A chemical stimulation system that combines hydrochloric acid with chlorine dioxide can be used as a treatment fluid in water-injection wells that get impaired by deposition of solid residues.
Due to core test results the treatment seems to be more effective than the conventional acidizing system when the plugging material contains iron sulfide and bacterial agents, due to the strongly oxidative power of chlorine dioxide.

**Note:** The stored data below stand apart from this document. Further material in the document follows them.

(* Let $m$ and $c$ be positive integers, and for $0\le k\le n$ let $T_{n,k}$ be the number of $(c,m)$-colored $B_n$-partitions with exactly $k$ non-zero-blocks. For every $n\ge 1$, the polynomial $T_n(x)=\sum_{k=0}^n T_{n,k}\,x^k$ has $n$ distinct negative real roots.
   Context: Let $n,m,c$ be positive integers, let $C_1$ be a list of $c$ colors and $C_2$ a list of $m$ colors. A $(c,m)$-colored $B_n$-partition is a set partition $\pi$ of $[n]\cup\{0\}$ together with a coloring of the elements of $[n]$ defined as follows. For $x\in[n]\cup\{0\}$ let $b_x$ be the block of $\pi$ containing $x$. The block $b_0$ is called the zero-block, and every other block is a non-zero-block. Each $x\in[n]$ receives a color according to these rules: if $x=\min b_x$, then $x$ gets the first color of $C_2$; if $x\ne\min b_x$ and $x\in b_0$, then $x$ gets an arbitrary color from $C_1$; if $x\ne \min b_x$ and $x\notin b_0$, then $x$ gets an arbitrary color from $C_2$. Two such objects are equal exactly when they have the same underlying partition and the same coloring. (Note that when $0$ is the minimum of $b_0$, every element of $b_0\setminus\{0\}$ is colored from $C_1$.) *)

From mathcomp Require Import all_boot all_order all_algebra.
From mathcomp Require Import reals.
Unset Printing Implicit Defensive.

(* Ground set [n] ∪ {0} is encoded as 'I_n.+1 (element 0 is ord0).
   Colors: a color from C1 is  inl i  (i : 'I_c), a color from C2 is
   inr j (j : 'I_m); the first color of C2 is  inr j  with val j = 0. *)

Definition color (c m : nat) := ('I_c + 'I_m)%type.

Definition is_first_C2 (c m : nat) (a : color c m) : bool :=
  if a is inr j then val j == 0 else false.
Definition is_C1 (c m : nat) (a : color c m) : bool :=
  if a is inl _ then true else false.
Definition is_C2 (c m : nat) (a : color c m) : bool :=
  if a is inr _ then true else false.

Definition is_block_min (n : nat) (P : {set {set 'I_n.+1}}) (x : 'I_n.+1) : bool :=
  [forall y in pblock P x, (x <= y)%N].

(* Element 0 carries no color in the paper; to get a
   bijective encoding we fix f 0 to be the first color of C2 (0 is always the
   minimum of the zero-block, so the "minimum" rule gives exactly this). *)
Definition colored_Bpartition (c m n : nat)
  (X : {set {set 'I_n.+1}} * {ffun 'I_n.+1 -> color c m}) : bool :=
  let P := X.1 in let f := X.2 in
  partition P [set: 'I_n.+1] &&
  [forall x : 'I_n.+1,
     if is_block_min n P x then is_first_C2 c m (f x)
     else if x \in pblock P ord0 then is_C1 c m (f x)
     else is_C2 c m (f x)].

(* T_{n,k}: number of (c,m)-colored B_n-partitions with exactly k
   non-zero-blocks, i.e. with k+1 blocks in total. *)
Definition T (c m n k : nat) : nat :=
  #|[set X | colored_Bpartition c m n X && (#|X.1| == k.+1)]|.

Local Open Scope ring_scope.

Definition Tpoly (R : realType) (c m n : nat) : {poly R} :=
  \poly_(k < n.+1) (T c m n k)%:R.

From mathcomp Require Import all_boot all_order all_algebra.
From mathcomp Require Import reals polyrcf ring zify.
Set Implicit Arguments. Unset Strict Implicit. Unset Printing Implicit Defensive.
Lemma a_coset_sum h y : rho y != 1 -> rho y ^+ p = 1 ->
  \sum_(l < p) a (h * y ^+ l)%g = 0.
Proof.
move=> rho_y_neq1 rho_yp; apply: (@intr_inj algC); apply: (mulfI cardG_neq0).
rewrite rmorph_sum mulr_sumr rmorph0 mulr0; under eq_bigr do rewrite fourier_a.
rewrite exchange_big big1 // => t /eqP ker_t; have chi_rep := irr_rep abG t.
have chi_y_neq1 : 'chi_t y != 1 by rewrite rker_irr_eq1.
have chi_yp : 'chi_t y ^+ p = 1.
  by apply/eqP; rewrite -(repX chi_rep) rker_irr_eq1 // repX // rho_yp.
rewrite -mulr_sumr; under eq_bigr do rewrite (repM chi_rep) (repX chi_rep) rmorphM rmorphXn.
rewrite -mulr_sumr sum_expr_unity_eq0 ?mulr0 //; last by rewrite -rmorphXn chi_yp rmorph1.
by rewrite (can2_eq conjCK conjCK) rmorph1.
Qed.

Lemma jrho_level_gt0_factor : (0 < k)%N ->
  exists2 Y, in_jrho_image rho Y & jrho rho a = #|rker rho|%:R * (omega p 1 - 1) * Y.
Proof.
move=> k_gt0; have [g0 g0_prim rho_unity] := rep_level_gen p_pr cardG rho_rep.
set M := (p ^ k.-1)%N; have pk : (p ^ k = p * M)%N by rewrite /M -expnS prednK.
have M_gt0 : (0 < M)%N by rewrite expn_gt0 prime_gt0.
set y := (g0 ^+ M)%g; have rho_y_neq1 : rho y != 1.
  by rewrite repX // -(prim_order_dvd g0_prim) pk gtnNdvd // ltn_Pmull ?prime_gt1.
have rho_yp : rho y ^+ p = 1 by rewrite repX // -exprM mulnC -pk (prim_expr_order g0_prim).
have [xi rho_xi] := level_gt0_omega1 p_pr cardG rho_rep k_gt0.
have [u rho_y_omega] := prim_rootP (omega1_prim p_pr) rho_yp.
pose Z := \sum_(s < u) omega p 1 ^+ s.
have rho_y_sub1 : rho y - 1 = (omega p 1 - 1) * Z by rewrite rho_y_omega subrX1.
pose A r l : int := a (g0 ^+ r * y ^+ l)%g.
pose Y := \sum_(0 <= r < M)
  rho g0 ^+ r * Z * \sum_(l < p) (A r l)%:~R * \sum_(s < l) rho y ^+ s.
have img_omega s : in_jrho_image rho (omega p 1 ^+ s).
  by rewrite -rho_xi; apply: in_jrho_image_repX.
exists Y.
  apply: (in_jrho_image_sum rho_rep) => r _; apply: (in_jrho_imageM rho_rep).
    apply: (in_jrho_imageM rho_rep); first exact: in_jrho_image_repX.
    by apply: (in_jrho_image_sum rho_rep) => s _.
  apply: (in_jrho_image_sum rho_rep) => l _; apply: (in_jrho_imageM rho_rep).
    exact: in_jrho_image_int.
  by apply: (in_jrho_image_sum rho_rep) => s _; apply: in_jrho_image_repX.
(* Fiber over rker rho and write t < p * M as r + l * M; the coefficients sum to
   zero along each coset of <[y]>, so the factor (rho y) ^+ l may be replaced by
   (rho y) ^+ l - 1, which is divisible by rho y - 1, hence by omega - 1. *)
rewrite /jrho (sum_rker_fiber (Phi := fun g => (a g)%:~R * rho g) rho_rep g0_prim rho_unity);
  last by move=> g x rho_x; rewrite a_rker_invariant // repM // rho_x mulr1.
rewrite -mulrA; congr (_ * _); rewrite pk big_nat_mul.
under eq_bigr => l _ do rewrite mulSn -{1}[(l * M)%N]add0n big_addn addnK.
under eq_bigr => l _ do under eq_bigr => r _ do
  rewrite expgD [(l * M)%N]mulnC expgM -/y (repM rho_rep)
          (repX rho_rep g0) (repX rho_rep y).
rewrite exchange_big /Y mulr_sumr; apply: eq_bigr => r _; rewrite big_mkord.
under eq_bigr do rewrite mulrCA.
rewrite -mulr_sumr (sum_int_expr_factor (A := A r)) ?a_coset_sum //.
by rewrite rho_y_sub1; ring.
Qed.

Lemma jrho_brho_dvd : exists r : ZG gT, jrho rho a = jrho rho (brho p rho) * jrho rho r.
Proof.
have [k0|k_gt0] := posnP k; last first.
  have [Y [r ->] ->] := jrho_level_gt0_factor k_gt0.
  exists [ffun g => - r g].
  by rewrite jrhoN (jrho_brho_self p_pr cardG rho_rep k_gt0); ring.
have rho1 := rep_level0 p_pr cardG rho_rep k0.
have a_const g : a g = a 1%g by rewrite -[g]mul1g a_rker_invariant.
exists [ffun g => (g == 1%g)%:Z * a 1%g]; rewrite jrho_delta jrho_brho_level0 // /jrho.
under eq_bigr do rewrite rho1 mulr1 a_const; under [X in _ = X * _]eq_bigr do rewrite rho1.
by rewrite !sumr_const rho1 mulr1 mulr_natl.
Qed.

End Core.

Lemma is_S_ideal_ext (gT : finGroupType) p n (reps : 'I_n -> gT -> algC)
    (I J : ('I_n -> algC) -> Prop) :
  (forall s, I s <-> J s) -> is_S_ideal p reps I -> is_S_ideal p reps J.
Proof.
move=> IJ [I_S I0 ID IN IM]; split=> [s /IJ/I_S //|||s /IJ/IN/IJ //|s t /IJ/IM Is /Is/IJ //].
  exact/IJ.
by move=> s t /IJ Is /IJ /(ID _ _ Is)/IJ.
Qed.

Section Conductor.
Variables (gT : finGroupType) (p e : nat).
Hypotheses (p_pr : prime p) (cardG : #|gT| = (p ^ e)%N) (abG : abelian [set: gT]).
Variables (n : nat) (reps : 'I_n -> gT -> algC).
Hypotheses (reps_rep : forall i, is_rep (reps i))
  (reps_inequiv : forall i j, rker (reps i) = rker (reps j) -> i = j)
  (reps_cover : forall rho : gT -> algC, is_rep rho -> exists i, rker rho = rker (reps i)).

Definition in_brho_diag (s : 'I_n -> algC) : Prop :=
  exists r : 'I_n -> ZG gT,
    forall j, s j = jrho (reps j) (r j) * jrho (reps j) (brho p (reps j)).

Lemma jrho_b_ideal j (r : 'I_n -> ZG gT) :
  jrho (reps j) [ffun g => \sum_(i < n) zg_mul (r i) (brho p (reps i)) g] =
    jrho (reps j) (r j) * jrho (reps j) (brho p (reps j)).
Proof.
rewrite jrho_sum (bigD1 j) //= big1 ?addr0 => [|i i_neq_j]; first exact: jrhoM.
rewrite jrhoM // (jrho_brho_eq0 p_pr cardG) ?mulr0 //.
by apply: contra i_neq_j => /eqP/reps_inequiv ->.
Qed.

Lemma in_b_idealE s :
  (exists a, in_b_ideal p reps a /\ forall i, s i = jrho (reps i) a) <-> in_brho_diag s.
Proof.
split=> [[a [[r ->] Es]]|[r Es]]; first by exists r => j; rewrite Es jrho_b_ideal.
exists [ffun g => \sum_(i < n) zg_mul (r i) (brho p (reps i)) g].
by split=> [|j]; [exists r | rewrite jrho_b_ideal].
Qed.

Lemma in_brho_diag_S_ideal : is_S_ideal p reps in_brho_diag.
Proof.
have imageE i := in_jrho_imageE p_pr cardG (reps_rep i).
split=> [s [r Es] i||s t [r1 E1] [r2 E2]|s [r Es]|s t [r Es] tS].
- apply/imageE; rewrite Es.
  by apply: in_jrho_imageM => //; [exists (r i) | exists (brho p (reps i))].
- by exists (fun _ => [ffun _ => 0]) => j; rewrite jrho0 mul0r.
- by exists (fun i => [ffun g => r1 i g + r2 i g]) => j; rewrite jrhoD E1 E2 mulrDl.
- by exists (fun i => [ffun g => - r i g]) => j; rewrite jrhoN Es mulNr.
have /fin_all_exists[x Ex] i : exists x, t i = jrho (reps i) x by apply/imageE.
by exists (fun i => zg_mul (x i) (r i)) => j; rewrite Ex Es jrhoM // mulrA.
Qed.

Lemma S_ideal_in_R_sub_brho_diag (I : ('I_n -> algC) -> Prop) :
  is_S_ideal p reps I -> (forall s, I s -> in_R_image reps s) ->
  forall s, I s -> in_brho_diag s.
Proof.
move=> [_ _ _ _ IM] I_R s Is.
suff /fin_all_exists[r Er] i : exists r, s i = jrho (reps i) r * jrho (reps i) (brho p (reps i)).
  by exists r.
pose t j : algC := if j == i then 1 else 0.
have tS : inS p reps t.
  by move=> j; exists 1%N, (fun _ => (j == i)%:Z); rewrite big_ord1 expr0 mulr1 /t; case: eqP.
have [a Ea] := I_R _ (IM _ _ Is tS).
have a_kills c : is_rep c -> rker c != rker (reps i) -> jrho c a = 0.
  move=> c_rep ker_c; have [j Ej] := reps_cover c_rep.
  have j_neq_i : j != i by apply: contra ker_c => /eqP <-; rewrite Ej.
  apply: (jrho_eq_rker_eq0 p_pr cardG (reps_rep j) c_rep (esym Ej)).
  by rewrite -Ea /t (negbTE j_neq_i) mul0r.
have [r Er] := jrho_brho_dvd p_pr cardG abG (reps_rep i) a_kills.
by exists r; rewrite mulrC -Er -Ea /t eqxx mul1r.
Qed.

End Conductor.

Theorem mainTheorem3 (gT : finGroupType) (p e : nat)
  (pp : prime p) (e_ge1 : (1 <= e)%N)
  (abG : abelian [set: gT]) (cardG : #|gT| = (p ^ e)%N)
  (n : nat) (reps : 'I_n -> gT -> algC)
  (reps_rep : forall i, is_rep (reps i))
  (reps_inequiv : forall i j, rker (reps i) = rker (reps j) -> i = j)
  (reps_cover : forall rho : gT -> algC, is_rep rho ->
                  exists i, rker rho = rker (reps i)) :
  let C := fun s : 'I_n -> algC =>
    exists a : ZG gT, in_b_ideal p reps a /\ forall i, s i = jrho (reps i) a in
  [/\ is_S_ideal p reps C,
      (forall s, C s -> in_R_image reps s) &
      forall I, is_S_ideal p reps I -> (forall s, I s -> in_R_image reps s) ->
        forall s, I s -> C s].
Proof.
move=> C; have CE s : C s <-> in_brho_diag p reps s.
  exact: (in_b_idealE pp cardG reps_rep reps_inequiv).
split=> [||I I_ideal I_R s Is].
- by apply: is_S_ideal_ext (in_brho_diag_S_ideal pp cardG reps_rep) => s; rewrite CE.
- by move=> s [a [_ Es]]; exists a.
by apply/CE; apply: (S_ideal_in_R_sub_brho_diag pp cardG abG reps_rep reps_cover I_ideal).
Qed.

When produced waters are injected, the solids generally occlude not only the formation face but also the rock pores in the near wellbore area, producing important injectivity losses in short time periods. This formation damage mechanism usually takes place in many secondary recovery oilfields in Argentina. The permanent clean-up treatments substantially raise the injection maintenance costs and water treatment. That kind of treatments are used to restore injection losses and lessen surface pressures.
This system differs from previous treatments in that chlorine dioxide is not produced in-situ, resulting in economical improvement because of operative time and cost reduction.
The effectiveness of this system in the removal of formation damage has been demonstrated by core flooding laboratory tests under appropriate reservoir pressure and temperature conditions, and it is compared to acidizing alone.
Laboratory test results have led to the design of an operative program for the application of a pilot phase to be carried out in the following months.
In order to predict injectivity losses it is necessary to establish not only the type of formation damage but how it influences injection well efficiency. Internal or external cake formation are the usual damage mechanisms that affects injection performance.
Several parameters, such as particles properties (i.e size, shape, composition), fluid properties (injection rates) and pore system properties (permeability, pore throat size, tortuosity) determine which will be the damage mechanism and how severe it will be.(1, 2).
In most injection wells, suspended solids are mainly ferric hydroxide, iron sulfide (pyrite), calcium carbonate, calcium sulfate, clays, formation fines, oil and bacteria.
Sulfate reducing bacteria (S.R.B.) reduce injection water sulfate ions to sulfur ions. As a result, hydrogen sulfide (H2S) is produced and water corrosivity is increased. (3).
Sour corrosion allows the formation of iron sulfide, which is an excellent plugging agent. As a consequence pyrite generates important injectivity losses in very short periods. Several investigations have stated that also bacteria can certainly plug injection wells. (4)
Pyrite occurrence and solids deposition, which reduce injection rates, are usual problems in several Repsol YPF waterflooded fields. In such fields frequent acid treatments must be performed in order to restore the original injectivity. The injection water treatment cost is significantly increased by this situation.
A typical injection well injectivity decline example is shown in figure 1. Figure 2 shows total suspended solids (T. S. S.) and total sulfides evolution at the same well. It can be seen from both figures that when T. S. S. increase, total sulfides also increase. Acid stimulation frequency must be then also reduce to maintain injectivity.